EXERCISE :: Find all lines below containing the string "case" and return them.

[Data extracted from a collection]
***
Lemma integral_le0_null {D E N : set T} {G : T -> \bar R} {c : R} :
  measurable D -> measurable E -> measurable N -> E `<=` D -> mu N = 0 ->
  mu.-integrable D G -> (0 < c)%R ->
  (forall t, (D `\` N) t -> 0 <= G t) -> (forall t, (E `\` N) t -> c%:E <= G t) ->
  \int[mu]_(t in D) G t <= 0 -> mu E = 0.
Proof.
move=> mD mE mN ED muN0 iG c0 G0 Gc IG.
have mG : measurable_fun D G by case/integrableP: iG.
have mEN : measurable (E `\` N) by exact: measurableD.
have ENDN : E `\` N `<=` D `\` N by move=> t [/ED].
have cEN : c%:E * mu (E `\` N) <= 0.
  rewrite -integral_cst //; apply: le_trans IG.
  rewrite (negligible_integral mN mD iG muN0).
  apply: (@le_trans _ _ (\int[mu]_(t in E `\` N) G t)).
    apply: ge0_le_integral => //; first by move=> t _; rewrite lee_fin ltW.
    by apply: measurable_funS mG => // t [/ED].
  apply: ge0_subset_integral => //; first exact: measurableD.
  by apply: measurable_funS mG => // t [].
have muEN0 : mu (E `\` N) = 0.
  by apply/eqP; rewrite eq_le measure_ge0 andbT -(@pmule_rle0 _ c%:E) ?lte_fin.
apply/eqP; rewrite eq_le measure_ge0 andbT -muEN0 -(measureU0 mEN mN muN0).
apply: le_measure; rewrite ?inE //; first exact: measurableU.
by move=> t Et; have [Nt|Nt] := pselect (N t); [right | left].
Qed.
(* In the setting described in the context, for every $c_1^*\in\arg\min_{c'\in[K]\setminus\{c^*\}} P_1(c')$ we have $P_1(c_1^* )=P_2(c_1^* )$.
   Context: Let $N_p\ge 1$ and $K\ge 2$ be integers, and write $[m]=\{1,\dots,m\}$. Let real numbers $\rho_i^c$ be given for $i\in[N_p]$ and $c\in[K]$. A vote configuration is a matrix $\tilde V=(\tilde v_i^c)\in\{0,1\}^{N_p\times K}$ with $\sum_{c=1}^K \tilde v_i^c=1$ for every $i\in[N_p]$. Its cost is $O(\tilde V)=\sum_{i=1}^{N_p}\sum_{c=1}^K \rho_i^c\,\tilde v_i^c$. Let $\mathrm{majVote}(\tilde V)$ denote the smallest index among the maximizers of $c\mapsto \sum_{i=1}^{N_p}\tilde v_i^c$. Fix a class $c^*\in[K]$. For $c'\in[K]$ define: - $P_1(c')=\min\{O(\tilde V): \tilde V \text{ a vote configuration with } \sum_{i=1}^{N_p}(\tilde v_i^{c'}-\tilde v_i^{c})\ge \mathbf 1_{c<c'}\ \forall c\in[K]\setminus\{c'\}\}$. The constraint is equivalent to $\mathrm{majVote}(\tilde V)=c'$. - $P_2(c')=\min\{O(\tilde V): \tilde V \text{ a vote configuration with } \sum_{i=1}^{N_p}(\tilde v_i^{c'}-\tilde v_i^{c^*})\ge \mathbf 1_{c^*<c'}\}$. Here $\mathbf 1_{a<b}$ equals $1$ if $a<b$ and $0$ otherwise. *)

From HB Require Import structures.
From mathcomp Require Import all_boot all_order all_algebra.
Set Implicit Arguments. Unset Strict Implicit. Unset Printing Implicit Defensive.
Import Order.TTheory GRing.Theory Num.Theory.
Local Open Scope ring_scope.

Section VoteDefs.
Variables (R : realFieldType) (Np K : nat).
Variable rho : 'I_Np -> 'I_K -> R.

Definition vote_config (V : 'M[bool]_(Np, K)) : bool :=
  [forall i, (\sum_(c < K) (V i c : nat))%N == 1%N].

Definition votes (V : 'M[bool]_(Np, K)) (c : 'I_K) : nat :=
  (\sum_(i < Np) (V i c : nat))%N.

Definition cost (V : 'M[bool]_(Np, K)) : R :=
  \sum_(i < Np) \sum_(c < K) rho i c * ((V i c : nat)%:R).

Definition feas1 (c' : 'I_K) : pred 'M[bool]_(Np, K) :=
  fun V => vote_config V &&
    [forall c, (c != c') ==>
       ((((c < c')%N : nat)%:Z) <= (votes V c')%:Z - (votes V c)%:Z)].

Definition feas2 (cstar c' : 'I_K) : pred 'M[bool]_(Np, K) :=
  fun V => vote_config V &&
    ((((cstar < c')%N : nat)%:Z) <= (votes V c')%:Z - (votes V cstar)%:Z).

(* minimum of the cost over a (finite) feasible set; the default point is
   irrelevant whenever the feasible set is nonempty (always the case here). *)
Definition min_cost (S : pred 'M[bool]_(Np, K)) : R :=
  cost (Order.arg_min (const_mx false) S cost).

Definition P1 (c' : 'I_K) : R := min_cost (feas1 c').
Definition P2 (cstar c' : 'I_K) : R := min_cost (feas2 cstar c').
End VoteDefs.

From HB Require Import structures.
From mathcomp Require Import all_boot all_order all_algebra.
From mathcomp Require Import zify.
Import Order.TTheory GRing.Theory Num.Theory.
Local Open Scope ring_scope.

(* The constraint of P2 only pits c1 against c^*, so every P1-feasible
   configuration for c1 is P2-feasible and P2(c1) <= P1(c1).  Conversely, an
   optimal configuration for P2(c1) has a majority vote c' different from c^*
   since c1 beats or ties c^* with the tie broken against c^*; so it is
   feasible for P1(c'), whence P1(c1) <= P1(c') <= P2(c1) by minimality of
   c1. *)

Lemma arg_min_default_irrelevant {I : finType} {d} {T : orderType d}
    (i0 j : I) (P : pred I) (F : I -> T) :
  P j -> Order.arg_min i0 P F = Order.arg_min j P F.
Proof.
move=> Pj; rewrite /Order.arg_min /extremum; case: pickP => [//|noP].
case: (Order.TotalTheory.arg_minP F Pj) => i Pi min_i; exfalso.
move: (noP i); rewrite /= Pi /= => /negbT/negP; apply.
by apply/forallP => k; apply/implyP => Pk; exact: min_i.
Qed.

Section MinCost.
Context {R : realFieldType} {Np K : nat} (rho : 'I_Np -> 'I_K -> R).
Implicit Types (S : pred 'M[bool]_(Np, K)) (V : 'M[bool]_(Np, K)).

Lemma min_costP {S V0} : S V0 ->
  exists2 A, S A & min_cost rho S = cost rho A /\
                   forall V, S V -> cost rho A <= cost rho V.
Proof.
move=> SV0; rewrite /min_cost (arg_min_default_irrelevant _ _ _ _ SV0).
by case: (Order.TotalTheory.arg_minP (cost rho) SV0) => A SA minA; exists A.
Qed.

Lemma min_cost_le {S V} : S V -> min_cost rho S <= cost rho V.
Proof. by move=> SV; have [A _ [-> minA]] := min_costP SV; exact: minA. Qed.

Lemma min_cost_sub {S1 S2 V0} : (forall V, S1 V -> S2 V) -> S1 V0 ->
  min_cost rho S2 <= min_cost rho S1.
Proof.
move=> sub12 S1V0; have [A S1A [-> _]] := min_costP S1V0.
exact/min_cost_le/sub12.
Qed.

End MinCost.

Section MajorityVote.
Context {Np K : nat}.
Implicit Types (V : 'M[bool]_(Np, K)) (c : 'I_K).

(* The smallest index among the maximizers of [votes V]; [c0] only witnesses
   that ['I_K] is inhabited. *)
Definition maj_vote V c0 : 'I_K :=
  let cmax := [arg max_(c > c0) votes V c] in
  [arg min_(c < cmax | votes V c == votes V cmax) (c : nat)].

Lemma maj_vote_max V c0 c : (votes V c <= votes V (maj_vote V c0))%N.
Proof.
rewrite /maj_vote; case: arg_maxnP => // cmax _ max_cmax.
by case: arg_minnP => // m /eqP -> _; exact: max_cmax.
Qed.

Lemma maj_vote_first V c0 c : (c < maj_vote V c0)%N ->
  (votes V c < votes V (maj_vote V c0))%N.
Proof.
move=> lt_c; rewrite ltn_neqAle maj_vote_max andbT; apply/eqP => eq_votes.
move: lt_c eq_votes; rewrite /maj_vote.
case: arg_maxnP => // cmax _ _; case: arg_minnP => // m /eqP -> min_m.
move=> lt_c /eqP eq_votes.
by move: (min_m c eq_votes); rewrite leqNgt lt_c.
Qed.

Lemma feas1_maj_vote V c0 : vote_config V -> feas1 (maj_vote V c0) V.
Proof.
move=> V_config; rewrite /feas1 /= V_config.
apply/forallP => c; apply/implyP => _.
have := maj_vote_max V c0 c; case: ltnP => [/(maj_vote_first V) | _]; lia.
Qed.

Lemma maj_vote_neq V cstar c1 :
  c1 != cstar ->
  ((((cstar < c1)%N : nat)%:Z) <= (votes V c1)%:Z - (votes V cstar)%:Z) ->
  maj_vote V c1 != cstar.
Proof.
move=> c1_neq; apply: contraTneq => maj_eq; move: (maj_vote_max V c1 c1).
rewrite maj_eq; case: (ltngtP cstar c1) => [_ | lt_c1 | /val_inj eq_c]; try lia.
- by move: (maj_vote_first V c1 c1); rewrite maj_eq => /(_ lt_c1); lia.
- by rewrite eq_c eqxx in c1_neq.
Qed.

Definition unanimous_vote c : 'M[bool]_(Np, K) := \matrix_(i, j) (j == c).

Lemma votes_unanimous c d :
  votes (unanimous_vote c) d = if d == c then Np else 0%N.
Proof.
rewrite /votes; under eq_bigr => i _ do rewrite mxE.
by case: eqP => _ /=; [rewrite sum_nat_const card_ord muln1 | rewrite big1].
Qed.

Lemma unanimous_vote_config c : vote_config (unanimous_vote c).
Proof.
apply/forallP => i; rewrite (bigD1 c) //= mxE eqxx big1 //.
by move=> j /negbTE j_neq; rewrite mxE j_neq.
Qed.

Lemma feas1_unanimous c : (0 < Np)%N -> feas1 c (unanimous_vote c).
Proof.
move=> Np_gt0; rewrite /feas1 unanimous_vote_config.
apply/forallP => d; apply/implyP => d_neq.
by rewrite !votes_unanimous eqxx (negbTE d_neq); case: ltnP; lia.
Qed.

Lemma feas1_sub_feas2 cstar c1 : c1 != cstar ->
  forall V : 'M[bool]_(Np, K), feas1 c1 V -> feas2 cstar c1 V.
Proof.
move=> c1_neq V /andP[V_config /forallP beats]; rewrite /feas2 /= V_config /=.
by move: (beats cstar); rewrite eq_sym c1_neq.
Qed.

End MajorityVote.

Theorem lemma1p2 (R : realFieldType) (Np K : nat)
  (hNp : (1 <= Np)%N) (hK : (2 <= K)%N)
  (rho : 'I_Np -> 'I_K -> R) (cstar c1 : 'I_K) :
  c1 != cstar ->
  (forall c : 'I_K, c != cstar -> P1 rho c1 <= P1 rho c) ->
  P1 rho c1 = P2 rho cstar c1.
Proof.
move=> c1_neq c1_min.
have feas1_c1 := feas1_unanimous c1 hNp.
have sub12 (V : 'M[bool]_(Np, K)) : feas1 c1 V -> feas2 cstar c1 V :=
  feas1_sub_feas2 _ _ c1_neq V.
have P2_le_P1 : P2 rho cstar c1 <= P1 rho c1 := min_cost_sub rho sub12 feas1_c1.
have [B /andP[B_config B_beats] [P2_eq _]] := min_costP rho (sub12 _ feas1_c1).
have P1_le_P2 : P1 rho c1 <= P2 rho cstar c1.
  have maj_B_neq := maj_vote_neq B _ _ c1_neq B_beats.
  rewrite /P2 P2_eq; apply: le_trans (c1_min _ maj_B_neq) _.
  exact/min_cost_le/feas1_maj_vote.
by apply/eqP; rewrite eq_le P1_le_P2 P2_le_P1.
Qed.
***
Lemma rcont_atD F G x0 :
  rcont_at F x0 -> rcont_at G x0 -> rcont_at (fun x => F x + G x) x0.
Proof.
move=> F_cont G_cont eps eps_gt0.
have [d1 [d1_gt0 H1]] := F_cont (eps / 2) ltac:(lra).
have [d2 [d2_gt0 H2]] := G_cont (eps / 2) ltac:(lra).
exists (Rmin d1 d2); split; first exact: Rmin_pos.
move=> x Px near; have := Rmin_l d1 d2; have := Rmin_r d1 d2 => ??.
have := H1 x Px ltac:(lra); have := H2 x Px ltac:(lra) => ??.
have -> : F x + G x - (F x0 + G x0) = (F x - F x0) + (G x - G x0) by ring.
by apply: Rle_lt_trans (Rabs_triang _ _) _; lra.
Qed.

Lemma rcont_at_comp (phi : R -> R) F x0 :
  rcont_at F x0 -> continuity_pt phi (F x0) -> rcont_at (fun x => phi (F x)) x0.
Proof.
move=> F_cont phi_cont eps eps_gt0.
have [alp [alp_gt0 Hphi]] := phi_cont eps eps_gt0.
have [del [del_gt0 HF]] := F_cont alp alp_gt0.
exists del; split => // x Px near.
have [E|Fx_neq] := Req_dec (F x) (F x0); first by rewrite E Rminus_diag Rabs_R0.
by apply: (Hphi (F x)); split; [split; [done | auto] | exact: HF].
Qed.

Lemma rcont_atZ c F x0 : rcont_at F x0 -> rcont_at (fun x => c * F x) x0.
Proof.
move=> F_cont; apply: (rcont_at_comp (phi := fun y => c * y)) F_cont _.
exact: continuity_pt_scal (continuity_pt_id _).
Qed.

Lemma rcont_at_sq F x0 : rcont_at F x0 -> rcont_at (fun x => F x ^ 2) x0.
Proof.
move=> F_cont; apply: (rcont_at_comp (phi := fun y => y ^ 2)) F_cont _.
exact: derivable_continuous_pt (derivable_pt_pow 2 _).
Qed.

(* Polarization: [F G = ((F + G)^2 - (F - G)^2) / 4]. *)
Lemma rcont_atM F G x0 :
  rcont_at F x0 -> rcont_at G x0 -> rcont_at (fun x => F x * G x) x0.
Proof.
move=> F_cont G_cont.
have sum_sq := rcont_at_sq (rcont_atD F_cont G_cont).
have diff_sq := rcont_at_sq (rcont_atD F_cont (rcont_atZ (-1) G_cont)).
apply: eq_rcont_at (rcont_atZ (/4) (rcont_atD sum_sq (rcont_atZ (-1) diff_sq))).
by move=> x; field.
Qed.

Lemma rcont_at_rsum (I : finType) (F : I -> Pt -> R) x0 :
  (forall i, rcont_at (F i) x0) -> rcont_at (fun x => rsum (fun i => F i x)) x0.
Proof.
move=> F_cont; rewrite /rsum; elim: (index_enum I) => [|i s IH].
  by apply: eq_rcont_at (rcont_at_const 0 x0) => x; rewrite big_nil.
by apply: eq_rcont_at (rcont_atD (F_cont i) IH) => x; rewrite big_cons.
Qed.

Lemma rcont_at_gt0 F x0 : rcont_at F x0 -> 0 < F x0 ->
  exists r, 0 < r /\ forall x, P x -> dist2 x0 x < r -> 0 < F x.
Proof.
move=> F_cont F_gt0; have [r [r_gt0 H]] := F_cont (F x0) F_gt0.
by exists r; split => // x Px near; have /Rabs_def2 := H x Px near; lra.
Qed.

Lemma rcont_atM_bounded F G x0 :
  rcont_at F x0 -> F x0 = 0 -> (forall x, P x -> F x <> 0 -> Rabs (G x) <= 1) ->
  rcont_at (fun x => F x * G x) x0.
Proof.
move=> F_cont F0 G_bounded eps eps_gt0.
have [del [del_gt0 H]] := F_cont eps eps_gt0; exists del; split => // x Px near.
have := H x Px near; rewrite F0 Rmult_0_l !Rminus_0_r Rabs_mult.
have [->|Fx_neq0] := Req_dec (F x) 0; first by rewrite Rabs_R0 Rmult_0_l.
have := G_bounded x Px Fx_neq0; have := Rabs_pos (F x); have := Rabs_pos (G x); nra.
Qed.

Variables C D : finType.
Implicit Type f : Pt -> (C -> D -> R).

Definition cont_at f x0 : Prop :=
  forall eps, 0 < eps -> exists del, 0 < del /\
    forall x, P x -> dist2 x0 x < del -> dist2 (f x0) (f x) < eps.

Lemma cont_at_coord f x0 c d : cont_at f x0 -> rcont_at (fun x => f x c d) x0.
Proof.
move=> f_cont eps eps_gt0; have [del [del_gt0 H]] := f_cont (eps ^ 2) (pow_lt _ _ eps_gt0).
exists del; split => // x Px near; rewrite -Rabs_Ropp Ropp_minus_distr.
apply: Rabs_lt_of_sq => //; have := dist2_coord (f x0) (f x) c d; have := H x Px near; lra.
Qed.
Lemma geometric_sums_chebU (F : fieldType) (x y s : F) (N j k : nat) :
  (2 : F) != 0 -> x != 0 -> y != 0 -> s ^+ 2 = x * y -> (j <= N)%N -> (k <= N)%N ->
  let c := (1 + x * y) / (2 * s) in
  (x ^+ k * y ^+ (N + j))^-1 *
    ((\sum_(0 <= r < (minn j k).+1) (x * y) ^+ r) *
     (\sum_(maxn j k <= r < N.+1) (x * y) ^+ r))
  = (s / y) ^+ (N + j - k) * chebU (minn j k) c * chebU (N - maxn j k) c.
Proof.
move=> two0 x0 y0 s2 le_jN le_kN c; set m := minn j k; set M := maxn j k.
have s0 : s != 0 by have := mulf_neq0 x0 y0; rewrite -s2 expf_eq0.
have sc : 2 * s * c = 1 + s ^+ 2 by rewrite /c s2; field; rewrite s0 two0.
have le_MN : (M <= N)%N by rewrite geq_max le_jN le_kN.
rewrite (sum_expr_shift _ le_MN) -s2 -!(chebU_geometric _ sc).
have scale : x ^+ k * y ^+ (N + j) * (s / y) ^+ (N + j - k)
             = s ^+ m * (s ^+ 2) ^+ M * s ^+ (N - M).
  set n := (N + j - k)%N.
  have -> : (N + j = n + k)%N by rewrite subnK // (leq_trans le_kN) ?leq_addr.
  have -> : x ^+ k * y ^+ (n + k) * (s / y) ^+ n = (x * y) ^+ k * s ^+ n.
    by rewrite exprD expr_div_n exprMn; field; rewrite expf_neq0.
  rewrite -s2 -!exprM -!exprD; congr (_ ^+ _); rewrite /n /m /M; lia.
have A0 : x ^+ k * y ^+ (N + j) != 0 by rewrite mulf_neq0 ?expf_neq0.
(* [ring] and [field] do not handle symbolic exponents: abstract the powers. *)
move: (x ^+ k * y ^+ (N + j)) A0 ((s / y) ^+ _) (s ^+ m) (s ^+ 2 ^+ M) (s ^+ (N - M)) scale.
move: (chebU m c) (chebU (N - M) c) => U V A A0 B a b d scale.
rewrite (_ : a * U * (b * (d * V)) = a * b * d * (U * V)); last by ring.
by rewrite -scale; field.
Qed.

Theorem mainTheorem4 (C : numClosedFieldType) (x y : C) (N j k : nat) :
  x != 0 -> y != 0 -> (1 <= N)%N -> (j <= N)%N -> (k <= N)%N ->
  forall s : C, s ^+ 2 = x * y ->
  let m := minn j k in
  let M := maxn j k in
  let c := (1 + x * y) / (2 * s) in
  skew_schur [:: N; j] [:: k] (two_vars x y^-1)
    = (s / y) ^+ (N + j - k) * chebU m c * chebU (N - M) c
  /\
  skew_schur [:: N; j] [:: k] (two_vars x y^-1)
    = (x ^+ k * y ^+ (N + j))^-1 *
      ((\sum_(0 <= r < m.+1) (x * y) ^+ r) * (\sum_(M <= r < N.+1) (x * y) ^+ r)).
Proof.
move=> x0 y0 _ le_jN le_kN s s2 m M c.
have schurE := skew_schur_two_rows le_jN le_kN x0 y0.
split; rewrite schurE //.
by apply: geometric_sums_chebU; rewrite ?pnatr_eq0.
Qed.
***
EXERCISE OUTPUT ::
have mG : measurable_fun D G by case/integrableP: iG.
   irrelevant whenever the feasible set is nonempty (always the case here). *)
move=> Pj; rewrite /Order.arg_min /extremum; case: pickP => [//|noP].
case: (Order.TotalTheory.arg_minP F Pj) => i Pi min_i; exfalso.
by case: (Order.TotalTheory.arg_minP (cost rho) SV0) => A SA minA; exists A.
rewrite /maj_vote; case: arg_maxnP => // cmax _ max_cmax.
by case: arg_minnP => // m /eqP -> _; exact: max_cmax.
case: arg_maxnP => // cmax _ _; case: arg_minnP => // m /eqP -> min_m.
have := maj_vote_max V c0 c; case: ltnP => [/(maj_vote_first V) | _]; lia.
rewrite maj_eq; case: (ltngtP cstar c1) => [_ | lt_c1 | /val_inj eq_c]; try lia.
by case: eqP => _ /=; [rewrite sum_nat_const card_ord muln1 | rewrite big1].
by rewrite !votes_unanimous eqxx (negbTE d_neq); case: ltnP; lia.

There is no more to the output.